Tips & troubleshooting
- Frank's RedHot is traditional, but any cayenne-based hot sauce works
- Don't crowd the pan when frying — it drops the oil temperature
- Wings are done when they hit 165°F internal temperature
- Save some sauce for dipping — people always want more
- Drumettes take longer to cook than flats, separate them if your batch is mixed
Variations
- Extra Crispy Baked. Coat wings in baking powder (1 teaspoon per pound) before seasoning. The alkaline environment breaks down proteins for crispier skin.
- Honey Buffalo. Add 2 tablespoons honey to the sauce mixture for a sweet heat balance that sticks better to the wings.
- Dry Rub Buffalo. Mix buffalo seasoning powder with cayenne, garlic powder, and paprika. Toss wings in this after cooking instead of wet sauce.
Questions
- Why aren't my baked wings crispy?
- Wings need to be completely dry before cooking. Pat them down, salt them, and let them sit uncovered in the fridge. Use a wire rack so air circulates underneath.
- Can I make the sauce ahead of time?
- Yes, but reheat it gently before tossing. Cold sauce won't stick properly to hot wings and the butter might separate.

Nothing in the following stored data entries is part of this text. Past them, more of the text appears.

Lemma matvec_comb m n (B : 'I_m -> 'I_n -> R) (x1 x2 : vec n) s t r :
  matvec B (fun k => s * x1 k + t * x2 k) r = s * matvec B x1 r + t * matvec B x2 r.
Proof. by rewrite /matvec !rsum_fsum -!fsumZ -fsumD; apply: eq_fsum => k; ring. Qed.

(** * Extended reals *)

Lemma Rbar_le_trans x y z : Rbar_le x y -> Rbar_le y z -> Rbar_le x z.
Proof. by case: x; case: y; case: z => //= *; lra. Qed.

Lemma Rbar_le_antisym x y : Rbar_le x y -> Rbar_le y x -> x = y.
Proof. by case: x; case: y => //= a b *; f_equal; lra. Qed.

Lemma Rbar_le_opp x y : Rbar_le (Rbar_opp x) (Rbar_opp y) <-> Rbar_le y x.
Proof. by case: x; case: y => //= *; split; lra. Qed.

Lemma Rbar_oppK x : Rbar_opp (Rbar_opp x) = x.
Proof. by case: x => //= r; rewrite Ropp_involutive. Qed.

Lemma Rbar_lub_exists (S : Rbar -> Prop) : exists v, is_lub_Rbar S v.
Proof.
case: (classic (S PInf)) => [SP|nSP].
  by exists PInf; split=> [[]|b /(_ _ SP)] //; case: b.
case: (classic (exists r, S (Fin r))) => [[r0 Sr0]|nSF]; last first.
  exists MInf; split=> [[r Sr| |]|[]] //; by [case: nSF; exists r].
case: (classic (bound (fun r => S (Fin r)))) => [Sbd|nSbd].
  have [m [m_ub m_least]] := completeness _ Sbd (ex_intro _ r0 Sr0).
  exists (Fin m); split=> [[r Sr| |]|[b' Hb'| |Hb']] //=.
  - exact: m_ub.
  - by apply: m_least => r Sr; exact: (Hb' (Fin r) Sr).
  - exact: Hb' _ Sr0.
exists PInf; split=> [[]|[b' Hb'| |Hb']] //.
- by case: nSbd; exists b' => r Sr; exact: (Hb' (Fin r) Sr).
- exact: Hb' _ Sr0.
Qed.

Lemma Rbar_glb_exists (S : Rbar -> Prop) : exists v, is_glb_Rbar S v.
Proof.
have [v [v_ub v_least]] := Rbar_lub_exists (fun x => S (Rbar_opp x)).
exists (Rbar_opp v); split.
- move=> x Sx; rewrite -[x]Rbar_oppK; apply/Rbar_le_opp/v_ub.
  by rewrite Rbar_oppK.
- move=> b Hb; rewrite -[b]Rbar_oppK; apply/Rbar_le_opp/v_least => x Sx.
  by rewrite -[x]Rbar_oppK; apply/Rbar_le_opp/Hb.
Qed.

Lemma Rbar_sup_lub S : is_lub_Rbar S (Rbar_sup S).
Proof. exact: epsilon_spec (Rbar_lub_exists S). Qed.

Lemma Rbar_inf_glb S : is_glb_Rbar S (Rbar_inf S).
Proof. exact: epsilon_spec (Rbar_glb_exists S). Qed.

Definition Rbar_of (S : R -> Prop) : Rbar -> Prop := fun t => exists v, S v /\ t = Fin v.

Lemma Rbar_inf_of_bounded (S : R -> Prop) m :
  (exists v, S v) -> (forall v, S v -> m <= v) ->
  exists phi, Rbar_inf (Rbar_of S) = Fin phi /\ (forall v, S v -> phi <= v) /\
    (forall e, 0 < e -> exists v, S v /\ v < phi + e).
Proof.
move=> [v0 Sv0] Sm; have [inf_lb inf_greatest] := Rbar_inf_glb (Rbar_of S).
have inf_le : Rbar_le (Rbar_inf (Rbar_of S)) (Fin v0) by apply: inf_lb; exists v0.
have inf_ge : Rbar_le (Fin m) (Rbar_inf (Rbar_of S)).
  by apply: inf_greatest => _ [v [Sv ->]]; apply: Sm.
move: inf_lb inf_greatest inf_le inf_ge; case: (Rbar_inf _) => // phi inf_lb inf_greatest _ _.
exists phi; split=> //; split=> [v Sv|e e0]; first by apply: (inf_lb (Fin v)); exists v.
apply: NNPP => nS; suff : Rbar_le (Fin (phi + e)) (Fin phi) by rewrite /=; lra.
apply: inf_greatest => _ [v [Sv ->]] /=.
by apply: Rnot_lt_le => lt_v; apply: nS; exists v.
Qed.

Lemma Rbar_sup_of_bounded (S : R -> Prop) m :
  (exists v, S v) -> (forall v, S v -> v <= m) ->
  exists phi, Rbar_sup (Rbar_of S) = Fin phi /\ (forall v, S v -> v <= phi) /\
    (forall e, 0 < e -> exists v, S v /\ phi - e < v).
Proof.
move=> [v0 Sv0] Sm; have [sup_ub sup_least] := Rbar_sup_lub (Rbar_of S).
have sup_ge : Rbar_le (Fin v0) (Rbar_sup (Rbar_of S)) by apply: sup_ub; exists v0.
have sup_le : Rbar_le (Rbar_sup (Rbar_of S)) (Fin m).
  by apply: sup_least => _ [v [Sv ->]]; apply: Sm.
move: sup_ub sup_least sup_ge sup_le; case: (Rbar_sup _) => // phi sup_ub sup_least _ _.
exists phi; split=> //; split=> [v Sv|e e0]; first by apply: (sup_ub (Fin v)); exists v.
apply: NNPP => nS; suff : Rbar_le (Fin phi) (Fin (phi - e)) by rewrite /=; lra.
apply: sup_least => _ [v [Sv ->]] /=.
by apply: Rnot_lt_le => lt_v; apply: nS; exists v.
Qed.

Lemma Rbar_sum_Fin n (F : 'I_n -> R) : Rbar_sum (fun i => Fin (F i)) = Fin (fsum F).
Proof. by apply/esym/(big_morph Fin). Qed.

Lemma Rbar_sum_le n (F : 'I_n -> Rbar) (G : 'I_n -> R) :
  (forall i, Rbar_le (F i) (Fin (G i))) -> Rbar_le (Rbar_sum F) (Fin (fsum G)).
Proof.
move=> FG; apply: (big_ind2 (fun a x => Rbar_le a (Fin x))) => [|a x b y|i _].
- by rewrite /=; lra.
- by case: a => [a| |]; case: b => [b| |] //= *; lra.
- exact: FG.
Qed.

Lemma Rbar_minus_le x y a b :
  Rbar_le x (Fin a) -> Rbar_le (Fin b) y -> Rbar_le (Rbar_minus x y) (Fin (a - b)).
Proof. by case: x => [x| |]; case: y => [y| |] //=; lra. Qed.

Lemma Rbar_le_sum_inf_sub_sup n (G : 'I_n -> R -> Prop) (B : R -> Prop) c :
  (forall i, exists v, G i v) -> (exists v, B v) ->
  (forall (g : 'I_n -> R) bb, (forall i, G i (g i)) -> B bb -> c <= fsum g - bb) ->
  Rbar_le (Fin c)
    (Rbar_minus (Rbar_sum (fun i => Rbar_inf (Rbar_of (G i)))) (Rbar_sup (Rbar_of B))).
Proof.
move=> Gne [b0 Bb0] Hc; have [g0 Gg0] := choice _ Gne.
have [sB [-> [_ sB_approx]]] : exists sB, Rbar_sup (Rbar_of B) = Fin sB /\
    (forall v, B v -> v <= sB) /\ (forall e, 0 < e -> exists v, B v /\ sB - e < v).
  apply: (Rbar_sup_of_bounded (m := fsum g0 - c)); first by exists b0.
  by move=> bb Bb; have := Hc _ _ Gg0 Bb; lra.
have infG : forall i, exists phi, Rbar_inf (Rbar_of (G i)) = Fin phi /\
    (forall e, 0 < e -> exists v, G i v /\ v < phi + e).
  move=> i; have Glow : forall v, G i v -> c + b0 - (fsum g0 - g0 i) <= v.
    move=> v Gv; have Gsel : forall k, G k (if k == i then v else g0 k).
      by move=> k; case: eqP => [->|_] /=; [exact: Gv | exact: Gg0].
    by have := Hc _ _ Gsel Bb0; rewrite fsum_update; lra.
  have [phi [Ephi [_ approx]]] := Rbar_inf_of_bounded (ex_intro _ _ (Gg0 i)) Glow.
  by exists phi.
have [phi Ephi] := choice _ infG.
have -> : (fun i => Rbar_inf (Rbar_of (G i))) = (fun i => Fin (phi i)).
  by apply: functional_extensionality => i; case: (Ephi i).
rewrite Rbar_sum_Fin /=; apply: Rle_plus_epsilon => e e0.
pose kap := fsum (fun _ : 'I_n => 1).
have kap0 : 0 <= kap by apply: fsum_ge0 => _; lra.
pose e' := e / (kap + 1).
have e'0 : 0 < e' by apply: Rdiv_lt_0_compat; lra.
have [g Hg] := choice _ (fun i => (Ephi i).2 e' e'0).
have [bb [Bb bb_gt]] := sB_approx e' e'0.
have := Hc g bb (fun i => (Hg i).1) Bb.
have : fsum g <= fsum phi + e' * kap.
  by rewrite /kap -fsumZ -fsumD; apply: ler_fsum => i; have := (Hg i).2; lra.
have : e' * kap + e' = e by rewrite /e'; field; lra.
lra.
Qed.

Lemma Rbar_glb_le (SL : Rbar -> Prop) L X : is_glb_Rbar SL L ->
  (forall c g, 0 < g -> (forall y, SL y -> Rbar_le (Fin (c + g)) y) -> Rbar_le (Fin c) X) ->
  Rbar_le L X.
Proof.
case=> L_lb _ H; case: L L_lb => [l| |] L_lb //.
- have HX : forall g, 0 < g -> Rbar_le (Fin (l - g)) X.
    move=> g g0; apply: (H _ g g0) => y Sy.
    by rewrite (_ : l - g + g = l); [apply: L_lb | ring].
  case: X {H} HX => [x| |] HX //=; last by have := HX 1; rewrite /=; lra.
  apply: Rle_plus_epsilon => e e0; have := HX e e0; rewrite /=; lra.
- have HX : forall c, Rbar_le (Fin c) X.
    by move=> c; apply: (H c 1) => [|y /L_lb]; [lra | case: y].
  by case: X {H} HX => [x| |] HX //=; [have := HX (x + 1) | have := HX 0]; rewrite /=; lra.
Qed.

(** * Sequences *)

Definition incr_index (phi : nat -> nat) := forall m, (phi m < phi (S m))%coq_nat.

Lemma incr_index_ge phi : incr_index phi -> forall m, (m <= phi m)%coq_nat.
Proof. by move=> Hphi; elim=> [|m IH]; [lia | have := Hphi m; lia]. Qed.

Lemma incr_index_comp phi psi :
  incr_index phi -> incr_index psi -> incr_index (fun m => phi (psi m)).
Proof.
move=> Hphi Hpsi m; have := Hpsi m; move: (psi m) (psi (S m)) => a b.
elim: b => [|b IH] Hab; first lia.
have := Hphi b; case: (Nat.eq_dec a b) => [->|neq] //; have := IH ltac:(lia); lia.
Qed.

Lemma cv_const c : Un_cv (fun _ => c) c.
Proof. by move=> e e0; exists 0%nat => n _; rewrite /R_dist Rminus_diag Rabs_R0. Qed.

Lemma cv_scal (u : nat -> R) l c : Un_cv u l -> Un_cv (fun n => c * u n) (c * l).
Proof. exact: CV_mult (cv_const c). Qed.

Lemma cv_subseq (u : nat -> R) l phi : incr_index phi -> Un_cv u l -> Un_cv (fun m => u (phi m)) l.
Proof.
move=> Hphi Hu e e0; have [N HN] := Hu e e0; exists N => n Hn; apply: HN.
have := incr_index_ge Hphi n; rewrite /ge in Hn *; lia.
Qed.

Lemma fsum_cv (I : finType) (F : nat -> I -> R) (G : I -> R) :
  (forall k, Un_cv (fun n => F n k) (G k)) -> Un_cv (fun n => fsum (F n)) (fsum G).
Proof.
move=> HF; rewrite /fsum; elim: (index_enum I) => [|k r IH].
  by rewrite big_nil; apply: (Un_cv_ext (fun _ => 0)) (cv_const 0) => n; rewrite big_nil.
rewrite big_cons; apply: (Un_cv_ext (fun n => F n k + \big[Rplus/0]_(j <- r) F n j)).
  by move=> n; rewrite big_cons.
exact: CV_plus.
Qed.

Lemma matvec_cv m n (B : 'I_m -> 'I_n -> R) (xs : nat -> vec n) x r :
  (forall k, Un_cv (fun j => xs j k) (x k)) -> Un_cv (fun j => matvec B (xs j) r) (matvec B x r).
Proof. by move=> Hx; apply: fsum_cv => k; apply: cv_scal. Qed.

Lemma RinvN_le1 n : RinvN n <= 1.
Proof. rewrite /= -Rinv_1; apply: Rinv_le_contravar; [lra | have := pos_INR n; lra]. Qed.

- What if I don't have Frank's RedHot?
- Any Louisiana-style hot sauce works — Tabasco, Crystal, or Cholula. Stay away from thick sauces like sriracha for authentic buffalo flavor.
- How do I know when fried wings are done?
- They'll float to the surface and the bubbling around them slows down. The skin should be golden brown and crispy when you tap it.